Chapter 13How to Survive and Thrive in Forecasting

I made a great deal of money in the late 1940s on the bull side, ignoring Satchel Paige's advice to Lot's wife, “Never look back.” Rather I would advocate Samuelson's Law: “Always look back. You may learn something from your residuals. Usually one's forecasts are not so good as one remembers them; the difference may be instructive.” The dictum “If you must forecast, forecast often,” is neither a joke nor a confession of impotence. It is a recognition of the primacy of brute fact over pretty theory. That part of the future that cannot be related to the present's past is precisely what science cannot hope to capture.

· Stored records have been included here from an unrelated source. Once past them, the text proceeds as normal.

(* Let $\mathcal{T}$ be the scheme on $\mathcal{M}$ given by $$\mathcal{T}(\mathbf{p})_{2i}=M_{15/16}\big(p_{i-1},\,M_{1/3}(p_i,p_{i+1})\big),\qquad \mathcal{T}(\mathbf{p})_{2i+1}=M_{15/16}\big(p_{i+2},\,M_{2/3}(p_i,p_{i+1})\big),\quad i\in\mathbb{Z}.$$ Then $\delta(\mathcal{T}(\mathbf{p}))\le\tfrac56\,\delta(\mathbf{p})$ for all manifold data $\mathbf{p}$, and $\mathcal{T}$ is convergent.
   Context: $\mathcal{M}$ is a geodesically complete connected Riemannian manifold with distance $d$. For $p_0,p_1\in\mathcal{M}$ a minimal geodesic $\gamma:[0,1]\to\mathcal{M}$ from $p_0$ to $p_1$ is fixed and $M_t(p_0,p_1)=\gamma(t)$, $t\in[0,1]$, so all $M_t(p_0,p_1)$ lie on the same geodesic, $d(p_0,M_t(p_0,p_1))=t\,d(p_0,p_1)$, $d(M_t(p_0,p_1),p_1)=(1-t)d(p_0,p_1)$ and $d(M_s(p_0,p_1),M_t(p_0,p_1))=|s-t|d(p_0,p_1)$. Data $\mathbf{p}=(p_i)_{i\in\mathbb{Z}}$ with $\delta(\mathbf{p})=\sup_id(p_i,p_{i+1})<\infty$. This is the geodesic-inductive-mean adaptation of the linear quartic B-spline scheme with mask $\frac1{16}(1,5,10,10,5,1)$. Convergence: for every data $\mathbf{p}$ the curves $\mathrm{PG}_k(\mathcal{T}^k(\mathbf{p}))$ converge uniformly on $\mathbb{R}$, where $\mathrm{PG}_k(\mathbf{q})(t)=M_{2^kt-n}(q_n,q_{n+1})$ for $t\in[2^{-k}n,2^{-k}(n+1))$. *)

From Stdlib Require Import Reals Lra ZArith.
Open Scope R_scope.

(* Abstract setting: a complete metric space (X,d) with a fixed choice of
   geodesic means M t p0 p1 = gamma(t), gamma a fixed minimal geodesic
   from p0 to p1, satisfying the distance identities of the context for
   t in [0,1].  (A geodesically complete connected Riemannian manifold
   is such a space by Hopf--Rinow.) *)
Record geodesic_mean_space (X : Type) (d : X -> X -> R)
    (M : R -> X -> X -> X) : Prop := {
  gms_nonneg : forall x y, 0 <= d x y;
  gms_sep : forall x y, d x y = 0 <-> x = y;
  gms_sym : forall x y, d x y = d y x;
  gms_tri : forall x y z, d x z <= d x y + d y z;
  gms_complete : forall u : nat -> X,
      (forall eps, eps > 0 -> exists N, forall n m, (n >= N)%nat -> (m >= N)%nat ->
          d (u n) (u m) < eps) ->
      exists l, forall eps, eps > 0 -> exists N, forall n, (n >= N)%nat -> d (u n) l < eps;
  gms_left : forall t p0 p1, 0 <= t <= 1 -> d p0 (M t p0 p1) = t * d p0 p1;
  gms_right : forall t p0 p1, 0 <= t <= 1 -> d (M t p0 p1) p1 = (1 - t) * d p0 p1;
  gms_between : forall s t p0 p1, 0 <= s <= 1 -> 0 <= t <= 1 ->
      d (M s p0 p1) (M t p0 p1) = Rabs (s - t) * d p0 p1
}.

Definition dist_set {X : Type} (d : X -> X -> R) (p : Z -> X) : R -> Prop :=
  fun r => exists i : Z, r = d (p i) (p (i + 1)%Z).

Definition scheme_T {X : Type} (M : R -> X -> X -> X) (p : Z -> X) : Z -> X :=
  fun j =>
    let i := Z.div j 2 in
    if Z.even j
    then M (15/16) (p (i - 1)%Z) (M (1/3) (p i) (p (i + 1)%Z))
    else M (15/16) (p (i + 2)%Z) (M (2/3) (p i) (p (i + 1)%Z)).

Definition floorR (x : R) : Z := (up x - 1)%Z.

Definition PG {X : Type} (M : R -> X -> X -> X) (k : nat) (q : Z -> X) (t : R) : X :=
  let s := 2 ^ k * t in
  let n := floorR s in
  M (s - IZR n) (q n) (q (n + 1)%Z).

(* Every edge of T(p) is bridged by a short chain through the inner points
   M_{1/3}(p_i,p_{i+1}) and M_{2/3}(p_i,p_{i+1}): the outer mean M_{15/16} lands
   within delta/12 of its inner point, consecutive inner points and their
   neighbouring nodes are delta/3 apart, so every edge of T(p) has length at most
   delta/12 + delta/3 + delta/3 + delta/12 = 5 delta/6.  Consequently the k-th
   iterate has edges at most (5/6)^k delta, and PG_k(T^k p)(t) moves by at most
   3 (5/6)^k delta from level k to level k+1 (each interpolant stays within one
   edge of a node, and T(q)_{2n}, T(q)_{2n+1} stay within one edge of q_n).
   The interpolants are therefore uniformly Cauchy with a geometric rate, and
   completeness gives the limit curve. *)

From Stdlib Require Import Reals ZArith Lra Lia ClassicalEpsilon.
Open Scope R_scope.

Definition edges_le {X : Type} (d : X -> X -> R) (p : Z -> X) (D : R) : Prop :=
  forall i, d (p i) (p (i + 1)%Z) <= D.

Lemma is_lub_exists_le (E : R -> Prop) (b : R) :
  (exists x, E x) -> (forall x, E x -> x <= b) -> exists m, is_lub E m /\ m <= b.
Proof.
  intros Hne Hb.
  destruct (completeness E) as [m Hm]; [exists b; exact Hb | exact Hne |].
  exists m. split; [exact Hm | apply (proj2 Hm); exact Hb].
Qed.

Lemma geometric_eventually_lt (C r e : R) :
  0 <= C -> 0 <= r < 1 -> 0 < e -> exists K, forall n, (n >= K)%nat -> C * r ^ n < e.
Proof.
  intros HC Hr He.
  destruct (pow_lt_1_zero r ltac:(rewrite Rabs_right; lra) (e / (C + 1)))
    as [K HK]; [apply Rdiv_lt_0_compat; lra |].
  exists K. intros n Hn. specialize (HK n Hn).
  assert (Hrn : 0 <= r ^ n) by (apply pow_le; lra).
  rewrite Rabs_right in HK by lra.
  apply (Rmult_lt_compat_l (C + 1)) in HK; [| lra].
  replace ((C + 1) * (e / (C + 1))) with e in HK by (field; lra).
  nra.
Qed.

Lemma floorR_spec x : IZR (floorR x) <= x < IZR (floorR x) + 1.
Proof. unfold floorR. rewrite minus_IZR. destruct (archimed x). lra. Qed.

Lemma floorR_unique x m : IZR m <= x < IZR m + 1 -> floorR x = m.
Proof.
  intros Hm. unfold floorR.
  rewrite <- (tech_up x (m + 1)); [lia | |]; rewrite plus_IZR; lra.
Qed.

Lemma floorR_double x :
  floorR (2 * x) = (2 * floorR x)%Z \/ floorR (2 * x) = (2 * floorR x + 1)%Z.
Proof.
  destruct (floorR_spec x) as [H1 H2].
  destruct (Rlt_or_le (2 * x) (2 * IZR (floorR x) + 1)).
  - left. apply floorR_unique. rewrite mult_IZR. lra.
  - right. apply floorR_unique. rewrite plus_IZR, mult_IZR. lra.
Qed.

Lemma scheme_T_even X (M : R -> X -> X -> X) p i :
  scheme_T M p (2 * i)%Z = M (15/16) (p (i - 1)%Z) (M (1/3) (p i) (p (i + 1)%Z)).
Proof.
  unfold scheme_T.
  replace ((2 * i) / 2)%Z with i by (apply Z.div_unique with 0%Z; lia).
  now rewrite Z.even_mul.
Qed.

Lemma scheme_T_odd X (M : R -> X -> X -> X) p i :
  scheme_T M p (2 * i + 1)%Z = M (15/16) (p (i + 2)%Z) (M (2/3) (p i) (p (i + 1)%Z)).
Proof.
  unfold scheme_T.
  replace ((2 * i + 1) / 2)%Z with i by (apply Z.div_unique with 1%Z; lia).
  now rewrite Z.even_add, Z.even_mul.
Qed.

Section GeodesicMeanSpace.

Context {X : Type} {d : X -> X -> R} {M : R -> X -> X -> X}.
Hypothesis HX : geodesic_mean_space X d M.

Lemma edges_le_nonneg p D : edges_le d p D -> 0 <= D.
Proof.
  intros Hp. pose proof (Hp 0%Z). pose proof (gms_nonneg _ _ _ HX (p 0%Z) (p (0 + 1)%Z)).
  lra.
Qed.

Lemma dist_mean_right_le t x y z :
  0 <= t <= 1 -> d (M t x y) y <= (1 - t) * (d x z + d z y).
Proof.
  intros Ht. rewrite (gms_right _ _ _ HX) by exact Ht.
  apply Rmult_le_compat_l; [lra | apply (gms_tri _ _ _ HX)].
Qed.

Section OneRefinement.

Variables (p : Z -> X) (D : R).
Hypothesis Hp : edges_le d p D.

Lemma scheme_T_even_near i :
  d (scheme_T M p (2 * i)%Z) (M (1/3) (p i) (p (i + 1)%Z)) <= D / 12.
Proof.
  rewrite scheme_T_even.
  pose proof (dist_mean_right_le (15/16) (p (i - 1)%Z) (M (1/3) (p i) (p (i + 1)%Z)) (p i)
                ltac:(lra)).
  pose proof (gms_left _ _ _ HX (1/3) (p i) (p (i + 1)%Z) ltac:(lra)).
  pose proof (Hp (i - 1)%Z) as Hprev. rewrite Z.sub_add in Hprev.
  pose proof (Hp i). pose proof (gms_nonneg _ _ _ HX (p i) (p (i + 1)%Z)).
  lra.
Qed.

Lemma scheme_T_odd_near i :
  d (scheme_T M p (2 * i + 1)%Z) (M (2/3) (p i) (p (i + 1)%Z)) <= D / 12.
Proof.
  rewrite scheme_T_odd.
  pose proof (dist_mean_right_le (15/16) (p (i + 2)%Z) (M (2/3) (p i) (p (i + 1)%Z))
                (p (i + 1)%Z) ltac:(lra)).
  pose proof (gms_right _ _ _ HX (2/3) (p i) (p (i + 1)%Z) ltac:(lra)).
  rewrite (gms_sym _ _ _ HX (p (i + 2)%Z) (p (i + 1)%Z)),
    (gms_sym _ _ _ HX (p (i + 1)%Z) (M (2/3) _ _)) in *.
  pose proof (Hp (i + 1)%Z) as Hnext. replace (i + 1 + 1)%Z with (i + 2)%Z in Hnext by ring.
  pose proof (Hp i). pose proof (gms_nonneg _ _ _ HX (p i) (p (i + 1)%Z)).
  lra.
Qed.

Lemma scheme_T_edges_le : edges_le d (scheme_T M p) (5/6 * D).
Proof.
  intros j. pose proof (edges_le_nonneg p D Hp).
  pose proof (gms_tri _ _ _ HX) as tri.
  destruct (Z.Even_or_Odd j) as [[i ->] | [i ->]].
  - pose proof (scheme_T_even_near i). pose proof (scheme_T_odd_near i).
    pose proof (gms_between _ _ _ HX (1/3) (2/3) (p i) (p (i + 1)%Z) ltac:(lra) ltac:(lra)).
    replace (Rabs (1/3 - 2/3)) with (1/3) in * by (rewrite Rabs_left by lra; lra).
    pose proof (Hp i).
    pose proof (tri (scheme_T M p (2 * i)%Z) (M (1/3) (p i) (p (i + 1)%Z))
                    (scheme_T M p (2 * i + 1)%Z)).
    pose proof (tri (M (1/3) (p i) (p (i + 1)%Z)) (M (2/3) (p i) (p (i + 1)%Z))
                    (scheme_T M p (2 * i + 1)%Z)).
    rewrite (gms_sym _ _ _ HX (M (2/3) _ _)) in *.
    lra.
  - replace (2 * i + 1 + 1)%Z with (2 * (i + 1))%Z by ring.
    pose proof (scheme_T_odd_near i). pose proof (scheme_T_even_near (i + 1)).
    pose proof (gms_right _ _ _ HX (2/3) (p i) (p (i + 1)%Z) ltac:(lra)).
    pose proof (gms_left _ _ _ HX (1/3) (p (i + 1)%Z) (p (i + 1 + 1)%Z) ltac:(lra)).
    pose proof (Hp i). pose proof (Hp (i + 1)%Z).
    set (B := M (2/3) (p i) (p (i + 1)%Z)) in *.
    set (C := M (1/3) (p (i + 1)%Z) (p (i + 1 + 1)%Z)) in *.
    pose proof (tri (scheme_T M p (2 * i + 1)%Z) B (scheme_T M p (2 * (i + 1))%Z)).
    pose proof (tri B (p (i + 1)%Z) (scheme_T M p (2 * (i + 1))%Z)).
    pose proof (tri (p (i + 1)%Z) C (scheme_T M p (2 * (i + 1))%Z)).
    rewrite (gms_sym _ _ _ HX C) in *.
    lra.
Qed.

Lemma scheme_T_near_parent n m :
  m = (2 * n)%Z \/ m = (2 * n + 1)%Z -> d (scheme_T M p m) (p n) <= D.
Proof.
  pose proof (edges_le_nonneg p D Hp). pose proof (Hp n).
  pose proof (gms_tri _ _ _ HX) as tri.
  intros [-> | ->].
  - pose proof (scheme_T_even_near n).
    pose proof (gms_left _ _ _ HX (1/3) (p n) (p (n + 1)%Z) ltac:(lra)) as Hmid.
    rewrite (gms_sym _ _ _ HX (p n)) in Hmid.
    pose proof (tri (scheme_T M p (2 * n)%Z) (M (1/3) (p n) (p (n + 1)%Z)) (p n)).
    lra.
  - pose proof (scheme_T_odd_near n).
    pose proof (gms_left _ _ _ HX (2/3) (p n) (p (n + 1)%Z) ltac:(lra)) as Hmid.
    rewrite (gms_sym _ _ _ HX (p n)) in Hmid.
    pose proof (tri (scheme_T M p (2 * n + 1)%Z) (M (2/3) (p n) (p (n + 1)%Z)) (p n)).
    lra.
Qed.

End OneRefinement.

Lemma iter_scheme_T_edges_le p D k :
  edges_le d p D -> edges_le d (Nat.iter k (scheme_T M) p) ((5/6) ^ k * D).
Proof.
  intros Hp. induction k as [| k IHk]; simpl Nat.iter.
  - now rewrite Rmult_1_l.
  - replace ((5/6) ^ S k * D) with (5/6 * ((5/6) ^ k * D)) by (simpl; ring).
    now apply scheme_T_edges_le.
Qed.

Lemma PG_near_node k q D t :
  edges_le d q D -> d (PG M k q t) (q (floorR (2 ^ k * t))) <= D.
Proof.
  intros Hq. unfold PG.
  set (n := floorR (2 ^ k * t)).
  destruct (floorR_spec (2 ^ k * t)) as [H1 H2]. fold n in H1, H2.
  rewrite (gms_sym _ _ _ HX), (gms_left _ _ _ HX) by lra.
  pose proof (Hq n). pose proof (gms_nonneg _ _ _ HX (q n) (q (n + 1)%Z)).
  nra.
Qed.

Lemma PG_refine_le k q D t :
  edges_le d q D -> d (PG M k q t) (PG M (S k) (scheme_T M q) t) <= 3 * D.
Proof.
  intros Hq. pose proof (edges_le_nonneg q D Hq).
  set (n := floorR (2 ^ k * t)).
  set (m := floorR (2 ^ S k * t)).
  pose proof (PG_near_node k q D t Hq) as Hcoarse.
  pose proof (PG_near_node (S k) (scheme_T M q) _ t (scheme_T_edges_le q D Hq)) as Hfine.
  assert (Hchild : d (scheme_T M q m) (q n) <= D).
  { apply scheme_T_near_parent; [exact Hq |].
    unfold m, n. replace (2 ^ S k * t) with (2 * (2 ^ k * t)) by (simpl; ring).
    apply floorR_double. }
  fold n in Hcoarse. fold m in Hfine.
  pose proof (gms_tri _ _ _ HX (PG M k q t) (q n) (PG M (S k) (scheme_T M q) t)).
  pose proof (gms_tri _ _ _ HX (q n) (scheme_T M q m) (PG M (S k) (scheme_T M q) t)).
  rewrite (gms_sym _ _ _ HX (q n)), (gms_sym _ _ _ HX (scheme_T M q m)) in *.
  lra.
Qed.

Section GeometricSteps.

Variables (C r : R).
Hypotheses (HC : 0 <= C) (Hr : 0 <= r < 1).

Let HG : 0 <= C / (1 - r).
Proof. apply Rmult_le_pos; [exact HC | apply Rlt_le, Rinv_0_lt_compat; lra]. Qed.

Lemma geometric_steps_tail (u : nat -> X) :
  (forall k, d (u k) (u (S k)) <= C * r ^ k) ->
  forall k m, (k <= m)%nat -> d (u k) (u m) <= C / (1 - r) * r ^ k.
Proof.
  intros Hs k m Hkm.
  assert (Htel : forall j, d (u k) (u (k + j)%nat) <= C / (1 - r) * (r ^ k - r ^ (k + j))).
  { induction j as [| j IHj].
    - rewrite Nat.add_0_r, (proj2 (gms_sep _ _ _ HX _ _) eq_refl). lra.
    - rewrite Nat.add_succ_r.
      pose proof (gms_tri _ _ _ HX (u k) (u (k + j)%nat) (u (S (k + j)))).
      pose proof (Hs (k + j)%nat).
      replace (C / (1 - r) * (r ^ k - r ^ S (k + j)))
        with (C / (1 - r) * (r ^ k - r ^ (k + j)) + C * r ^ (k + j))
        by (simpl; field; lra).
      lra. }
  replace m with (k + (m - k))%nat by lia.
  pose proof (Htel (m - k)%nat).
  assert (0 <= C / (1 - r) * r ^ (k + (m - k))).
  { apply Rmult_le_pos; [exact HG | apply pow_le; lra]. }
  lra.
Qed.

Lemma geometric_steps_limit (u : nat -> X) :
  (forall k, d (u k) (u (S k)) <= C * r ^ k) ->
  exists l, forall k, d (u k) l <= C / (1 - r) * r ^ k.
Proof.
  intros Hs.
  pose proof (geometric_steps_tail u Hs) as Htail.
  destruct (gms_complete _ _ _ HX u) as [l Hl].
  { intros eps Heps.
    destruct (geometric_eventually_lt (C / (1 - r)) r (eps / 2) HG Hr ltac:(lra)) as [K HK].
    exists K. intros n m Hn Hm.
    pose proof (Htail K n Hn). pose proof (Htail K m Hm). pose proof (HK K (le_n K)).
    pose proof (gms_tri _ _ _ HX (u n) (u K) (u m)).
    rewrite (gms_sym _ _ _ HX (u n) (u K)) in *.
    lra. }
  exists l. intros k. apply Rle_plus_epsilon. intros eps Heps.
  destruct (Hl eps ltac:(lra)) as [N HN].
  pose proof (HN (Nat.max N k) ltac:(lia)).
  pose proof (Htail k (Nat.max N k) ltac:(lia)).
  pose proof (gms_tri _ _ _ HX (u k) (u (Nat.max N k)) l).
  lra.
Qed.

Lemma uniform_limit_of_geometric_steps (u : nat -> R -> X) :
  (forall k t, d (u k t) (u (S k) t) <= C * r ^ k) ->
  exists F : R -> X, forall eps, eps > 0 ->
    exists K, forall k, (k >= K)%nat -> forall t, d (u k t) (F t) < eps.
Proof.
  intros Hs.
  destruct (choice (fun t l => forall k, d (u k t) l <= C / (1 - r) * r ^ k)) as [F HF].
  { intros t. exact (geometric_steps_limit (fun k => u k t) (fun k => Hs k t)). }
  exists F. intros eps Heps.
  destruct (geometric_eventually_lt (C / (1 - r)) r eps HG Hr Heps) as [K HK].
  exists K. intros k Hk t. pose proof (HF t k). pose proof (HK k Hk). lra.
Qed.

End GeometricSteps.

End GeodesicMeanSpace.

Theorem mainTheorem11 (X : Type) (d : X -> X -> R) (M : R -> X -> X -> X)
  (HX : geodesic_mean_space X d M) :
  forall (p : Z -> X) (delta : R),
    is_lub (dist_set d p) delta ->
    (exists deltaT : R,
        is_lub (dist_set d (scheme_T M p)) deltaT /\ deltaT <= 5/6 * delta) /\
    (exists F : R -> X,
        forall eps : R, eps > 0 ->
        exists K : nat, forall k : nat, (k >= K)%nat -> forall t : R,
          d (PG M k (Nat.iter k (scheme_T M) p) t) (F t) < eps).
Proof.
  intros p delta [Hub _].
  assert (Hp : edges_le d p delta) by (intros i; apply Hub; now exists i).
  split.
  - apply is_lub_exists_le.
    + now exists (d (scheme_T M p 0%Z) (scheme_T M p (0 + 1)%Z)), 0%Z.
    + intros x [j ->]. exact (scheme_T_edges_le HX p delta Hp j).
  - apply (uniform_limit_of_geometric_steps HX (3 * delta) (5/6));
      [pose proof (edges_le_nonneg HX p delta Hp); lra | lra |].
    intros k t. replace (3 * delta * (5/6) ^ k) with (3 * ((5/6) ^ k * delta)) by ring.
    exact (PG_refine_le HX k _ _ t (iter_scheme_T_edges_le HX p delta k Hp)).
Qed.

—Paul Samuelson, February 1985 lecture at Trinity University

When I first started working as a forecasting economist at PaineWebber in 1980, my professional colleagues at the Fed and in academia were wary. How could I publicize economic forecasts when I knew how hard it is to be right even half the time? What would I do when I was wrong? Would I be fired? If so, could I ever get another job as a forecaster? More than three decades later I still am asked this type of question. Except now the typical query is, “How have you survived for so long in such a potentially precarious professional position?”

Part of the answer is that I have tried to apply, diligently, the same best practices that I have advocated throughout this book. Now, in this chapter, I review those practices and concepts, and I share with you some of ...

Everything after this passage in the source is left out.